BRIEF
Write out the full listing below exactly as given.

SUPPLIED DATA

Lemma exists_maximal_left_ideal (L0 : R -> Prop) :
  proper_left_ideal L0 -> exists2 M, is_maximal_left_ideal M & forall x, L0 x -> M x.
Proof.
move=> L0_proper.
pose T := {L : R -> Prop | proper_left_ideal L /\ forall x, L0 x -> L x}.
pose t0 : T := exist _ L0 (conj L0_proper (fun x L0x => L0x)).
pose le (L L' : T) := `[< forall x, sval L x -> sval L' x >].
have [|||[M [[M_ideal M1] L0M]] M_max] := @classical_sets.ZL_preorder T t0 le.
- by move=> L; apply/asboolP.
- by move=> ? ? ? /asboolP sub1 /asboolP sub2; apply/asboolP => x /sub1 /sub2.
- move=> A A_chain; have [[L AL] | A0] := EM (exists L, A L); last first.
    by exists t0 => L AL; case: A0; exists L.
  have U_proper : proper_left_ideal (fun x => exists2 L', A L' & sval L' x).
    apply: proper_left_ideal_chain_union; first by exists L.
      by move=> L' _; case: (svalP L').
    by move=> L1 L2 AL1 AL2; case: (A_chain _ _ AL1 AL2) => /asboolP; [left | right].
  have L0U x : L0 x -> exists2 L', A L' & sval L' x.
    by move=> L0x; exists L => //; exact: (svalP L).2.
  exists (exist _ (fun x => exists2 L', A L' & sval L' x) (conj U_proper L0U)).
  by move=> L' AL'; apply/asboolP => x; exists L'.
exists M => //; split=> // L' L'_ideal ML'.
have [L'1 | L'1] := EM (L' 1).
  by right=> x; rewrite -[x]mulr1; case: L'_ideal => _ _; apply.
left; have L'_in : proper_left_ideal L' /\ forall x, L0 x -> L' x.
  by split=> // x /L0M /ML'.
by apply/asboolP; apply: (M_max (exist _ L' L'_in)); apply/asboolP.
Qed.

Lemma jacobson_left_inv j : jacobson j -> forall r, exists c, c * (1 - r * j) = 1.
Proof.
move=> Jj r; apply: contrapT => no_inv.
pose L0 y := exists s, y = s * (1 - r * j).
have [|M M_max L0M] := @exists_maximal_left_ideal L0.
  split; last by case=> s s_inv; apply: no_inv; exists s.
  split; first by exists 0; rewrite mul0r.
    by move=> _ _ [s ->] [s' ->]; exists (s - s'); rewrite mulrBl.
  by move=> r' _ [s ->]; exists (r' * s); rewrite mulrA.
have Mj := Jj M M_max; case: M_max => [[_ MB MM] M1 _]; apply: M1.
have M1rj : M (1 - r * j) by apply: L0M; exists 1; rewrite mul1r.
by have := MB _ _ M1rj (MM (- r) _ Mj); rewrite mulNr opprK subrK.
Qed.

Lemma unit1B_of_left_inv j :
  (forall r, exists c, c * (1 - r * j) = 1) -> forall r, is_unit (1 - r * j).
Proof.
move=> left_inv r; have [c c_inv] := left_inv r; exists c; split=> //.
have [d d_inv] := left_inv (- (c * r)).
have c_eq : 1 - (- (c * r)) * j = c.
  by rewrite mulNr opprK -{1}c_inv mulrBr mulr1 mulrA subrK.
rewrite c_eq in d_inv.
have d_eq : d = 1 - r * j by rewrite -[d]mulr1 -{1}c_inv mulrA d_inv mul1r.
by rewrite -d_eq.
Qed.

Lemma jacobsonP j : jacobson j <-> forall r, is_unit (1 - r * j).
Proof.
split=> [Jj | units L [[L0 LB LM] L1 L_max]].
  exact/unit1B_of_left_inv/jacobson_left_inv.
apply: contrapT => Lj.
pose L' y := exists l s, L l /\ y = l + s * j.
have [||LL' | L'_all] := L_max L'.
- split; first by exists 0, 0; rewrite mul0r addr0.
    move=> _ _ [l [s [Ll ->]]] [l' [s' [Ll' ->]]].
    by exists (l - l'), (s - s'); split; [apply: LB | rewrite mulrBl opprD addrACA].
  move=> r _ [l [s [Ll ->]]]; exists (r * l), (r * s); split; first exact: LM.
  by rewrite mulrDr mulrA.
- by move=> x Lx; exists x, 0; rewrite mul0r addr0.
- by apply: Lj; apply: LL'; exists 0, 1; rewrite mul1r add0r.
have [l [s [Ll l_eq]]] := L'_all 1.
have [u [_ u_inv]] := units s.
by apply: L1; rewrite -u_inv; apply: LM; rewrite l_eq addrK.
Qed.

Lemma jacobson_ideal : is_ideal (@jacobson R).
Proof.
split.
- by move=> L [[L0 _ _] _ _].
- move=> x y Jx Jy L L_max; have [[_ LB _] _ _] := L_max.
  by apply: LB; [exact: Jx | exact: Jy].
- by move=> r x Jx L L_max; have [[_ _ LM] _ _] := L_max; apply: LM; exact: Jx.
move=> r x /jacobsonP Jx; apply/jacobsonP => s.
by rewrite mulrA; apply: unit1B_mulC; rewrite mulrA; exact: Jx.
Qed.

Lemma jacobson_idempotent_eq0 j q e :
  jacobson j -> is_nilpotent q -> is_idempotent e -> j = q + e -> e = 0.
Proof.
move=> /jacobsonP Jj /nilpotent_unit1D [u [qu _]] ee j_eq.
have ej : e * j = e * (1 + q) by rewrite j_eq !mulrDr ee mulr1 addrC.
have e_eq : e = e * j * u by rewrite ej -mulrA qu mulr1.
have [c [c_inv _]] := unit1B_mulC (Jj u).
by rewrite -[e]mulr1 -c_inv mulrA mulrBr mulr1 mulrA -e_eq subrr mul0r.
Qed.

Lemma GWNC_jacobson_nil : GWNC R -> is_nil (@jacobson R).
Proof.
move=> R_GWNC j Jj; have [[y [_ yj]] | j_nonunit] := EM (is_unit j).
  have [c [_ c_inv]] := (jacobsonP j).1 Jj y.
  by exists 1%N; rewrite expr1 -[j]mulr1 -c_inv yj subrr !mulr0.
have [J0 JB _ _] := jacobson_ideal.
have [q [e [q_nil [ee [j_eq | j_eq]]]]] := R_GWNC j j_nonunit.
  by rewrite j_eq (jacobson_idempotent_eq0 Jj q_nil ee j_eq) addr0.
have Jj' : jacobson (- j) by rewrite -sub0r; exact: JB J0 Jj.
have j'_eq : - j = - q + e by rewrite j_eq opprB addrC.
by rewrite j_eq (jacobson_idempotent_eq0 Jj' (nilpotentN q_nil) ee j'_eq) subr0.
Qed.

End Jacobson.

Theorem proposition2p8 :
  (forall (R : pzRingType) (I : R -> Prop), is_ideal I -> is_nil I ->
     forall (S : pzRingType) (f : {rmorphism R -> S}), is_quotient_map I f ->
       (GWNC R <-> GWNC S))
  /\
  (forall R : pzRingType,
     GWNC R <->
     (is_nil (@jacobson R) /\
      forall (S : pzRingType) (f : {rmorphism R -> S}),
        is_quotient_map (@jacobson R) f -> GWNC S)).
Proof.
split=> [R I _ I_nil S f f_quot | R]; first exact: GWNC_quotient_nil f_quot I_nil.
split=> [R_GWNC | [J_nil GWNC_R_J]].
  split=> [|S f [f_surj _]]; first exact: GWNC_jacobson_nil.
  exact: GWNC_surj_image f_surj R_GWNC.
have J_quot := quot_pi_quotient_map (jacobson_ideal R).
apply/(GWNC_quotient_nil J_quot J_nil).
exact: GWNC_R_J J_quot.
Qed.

ANSWER TO THIS TASK
Lemma exists_maximal_left_ideal (L0 : R -> Prop) :
  proper_left_ideal L0 -> exists2 M, is_maximal_left_ideal M & forall x, L0 x -> M x.
Proof.
move=> L0_proper.
pose T := {L : R -> Prop | proper_left_ideal L /\ forall x, L0 x -> L x}.
pose t0 : T := exist _ L0 (conj L0_proper (fun x L0x => L0x)).
pose le (L L' : T) := `[< forall x, sval L x -> sval L' x >].
have [|||[M [[M_ideal M1] L0M]] M_max] := @classical_sets.ZL_preorder T t0 le.
- by move=> L; apply/asboolP.
- by move=> ? ? ? /asboolP sub1 /asboolP sub2; apply/asboolP => x /sub1 /sub2.
- move=> A A_chain; have [[L AL] | A0] := EM (exists L, A L); last first.
    by exists t0 => L AL; case: A0; exists L.
  have U_proper : proper_left_ideal (fun x => exists2 L', A L' & sval L' x).
    apply: proper_left_ideal_chain_union; first by exists L.
      by move=> L' _; case: (svalP L').
    by move=> L1 L2 AL1 AL2; case: (A_chain _ _ AL1 AL2) => /asboolP; [left | right].
  have L0U x : L0 x -> exists2 L', A L' & sval L' x.
    by move=> L0x; exists L => //; exact: (svalP L).2.
  exists (exist _ (fun x => exists2 L', A L' & sval L' x) (conj U_proper L0U)).
  by move=> L' AL'; apply/asboolP => x; exists L'.
exists M => //; split=> // L' L'_ideal ML'.
have [L'1 | L'1] := EM (L' 1).
  by right=> x; rewrite -[x]mulr1; case: L'_ideal => _ _; apply.
left; have L'_in : proper_left_ideal L' /\ forall x, L0 x -> L' x.
  by split=> // x /L0M /ML'.
by apply/asboolP; apply: (M_max (exist _ L' L'_in)); apply/asboolP.
Qed.

Lemma jacobson_left_inv j : jacobson j -> forall r, exists c, c * (1 - r * j) = 1.
Proof.
move=> Jj r; apply: contrapT => no_inv.
pose L0 y := exists s, y = s * (1 - r * j).
have [|M M_max L0M] := @exists_maximal_left_ideal L0.
  split; last by case=> s s_inv; apply: no_inv; exists s.
  split; first by exists 0; rewrite mul0r.
    by move=> _ _ [s ->] [s' ->]; exists (s - s'); rewrite mulrBl.
  by move=> r' _ [s ->]; exists (r' * s); rewrite mulrA.
have Mj := Jj M M_max; case: M_max => [[_ MB MM] M1 _]; apply: M1.
have M1rj : M (1 - r * j) by apply: L0M; exists 1; rewrite mul1r.
by have := MB _ _ M1rj (MM (- r) _ Mj); rewrite mulNr opprK subrK.
Qed.

Lemma unit1B_of_left_inv j :
  (forall r, exists c, c * (1 - r * j) = 1) -> forall r, is_unit (1 - r * j).
Proof.
move=> left_inv r; have [c c_inv] := left_inv r; exists c; split=> //.
have [d d_inv] := left_inv (- (c * r)).
have c_eq : 1 - (- (c * r)) * j = c.
  by rewrite mulNr opprK -{1}c_inv mulrBr mulr1 mulrA subrK.
rewrite c_eq in d_inv.
have d_eq : d = 1 - r * j by rewrite -[d]mulr1 -{1}c_inv mulrA d_inv mul1r.
by rewrite -d_eq.
Qed.

Lemma jacobsonP j : jacobson j <-> forall r, is_unit (1 - r * j).
Proof.
split=> [Jj | units L [[L0 LB LM] L1 L_max]].
  exact/unit1B_of_left_inv/jacobson_left_inv.
apply: contrapT => Lj.
pose L' y := exists l s, L l /\ y = l + s * j.
have [||LL' | L'_all] := L_max L'.
- split; first by exists 0, 0; rewrite mul0r addr0.
    move=> _ _ [l [s [Ll ->]]] [l' [s' [Ll' ->]]].
    by exists (l - l'), (s - s'); split; [apply: LB | rewrite mulrBl opprD addrACA].
  move=> r _ [l [s [Ll ->]]]; exists (r * l), (r * s); split; first exact: LM.
  by rewrite mulrDr mulrA.
- by move=> x Lx; exists x, 0; rewrite mul0r addr0.
- by apply: Lj; apply: LL'; exists 0, 1; rewrite mul1r add0r.
have [l [s [Ll l_eq]]] := L'_all 1.
have [u [_ u_inv]] := units s.
by apply: L1; rewrite -u_inv; apply: LM; rewrite l_eq addrK.
Qed.

Lemma jacobson_ideal : is_ideal (@jacobson R).
Proof.
split.
- by move=> L [[L0 _ _] _ _].
- move=> x y Jx Jy L L_max; have [[_ LB _] _ _] := L_max.
  by apply: LB; [exact: Jx | exact: Jy].
- by move=> r x Jx L L_max; have [[_ _ LM] _ _] := L_max; apply: LM; exact: Jx.
move=> r x /jacobsonP Jx; apply/jacobsonP => s.
by rewrite mulrA; apply: unit1B_mulC; rewrite mulrA; exact: Jx.
Qed.

Lemma jacobson_idempotent_eq0 j q e :
  jacobson j -> is_nilpotent q -> is_idempotent e -> j = q + e -> e = 0.
Proof.
move=> /jacobsonP Jj /nilpotent_unit1D [u [qu _]] ee j_eq.
have ej : e * j = e * (1 + q) by rewrite j_eq !mulrDr ee mulr1 addrC.
have e_eq : e = e * j * u by rewrite ej -mulrA qu mulr1.
have [c [c_inv _]] := unit1B_mulC (Jj u).
by rewrite -[e]mulr1 -c_inv mulrA mulrBr mulr1 mulrA -e_eq subrr mul0r.
Qed.

Lemma GWNC_jacobson_nil : GWNC R -> is_nil (@jacobson R).
Proof.
move=> R_GWNC j Jj; have [[y [_ yj]] | j_nonunit] := EM (is_unit j).
  have [c [_ c_inv]] := (jacobsonP j).1 Jj y.
  by exists 1%N; rewrite expr1 -[j]mulr1 -c_inv yj subrr !mulr0.
have [J0 JB _ _] := jacobson_ideal.
have [q [e [q_nil [ee [j_eq | j_eq]]]]] := R_GWNC j j_nonunit.
  by rewrite j_eq (jacobson_idempotent_eq0 Jj q_nil ee j_eq) addr0.
have Jj' : jacobson (- j) by rewrite -sub0r; exact: JB J0 Jj.
have j'_eq : - j = - q + e by rewrite j_eq opprB addrC.
by rewrite j_eq (jacobson_idempotent_eq0 Jj' (nilpotentN q_nil) ee j'_eq) subr0.
Qed.

End Jacobson.

Theorem proposition2p8 :
  (forall (R : pzRingType) (I : R -> Prop), is_ideal I -> is_nil I ->
     forall (S : pzRingType) (f : {rmorphism R -> S}), is_quotient_map I f ->
       (GWNC R <-> GWNC S))
  /\
  (forall R : pzRingType,
     GWNC R <->
     (is_nil (@jacobson R) /\
      forall (S : pzRingType) (f : {rmorphism R -> S}),
        is_quotient_map (@jacobson R) f -> GWNC S)).
Proof.
split=> [R I _ I_nil S f f_quot | R]; first exact: GWNC_quotient_nil f_quot I_nil.
split=> [R_GWNC | [J_nil GWNC_R_J]].
  split=> [|S f [f_surj _]]; first exact: GWNC_jacobson_nil.
  exact: GWNC_surj_image f_surj R_GWNC.
have J_quot := quot_pi_quotient_map (jacobson_ideal R).
apply/(GWNC_quotient_nil J_quot J_nil).
exact: GWNC_R_J J_quot.
Qed.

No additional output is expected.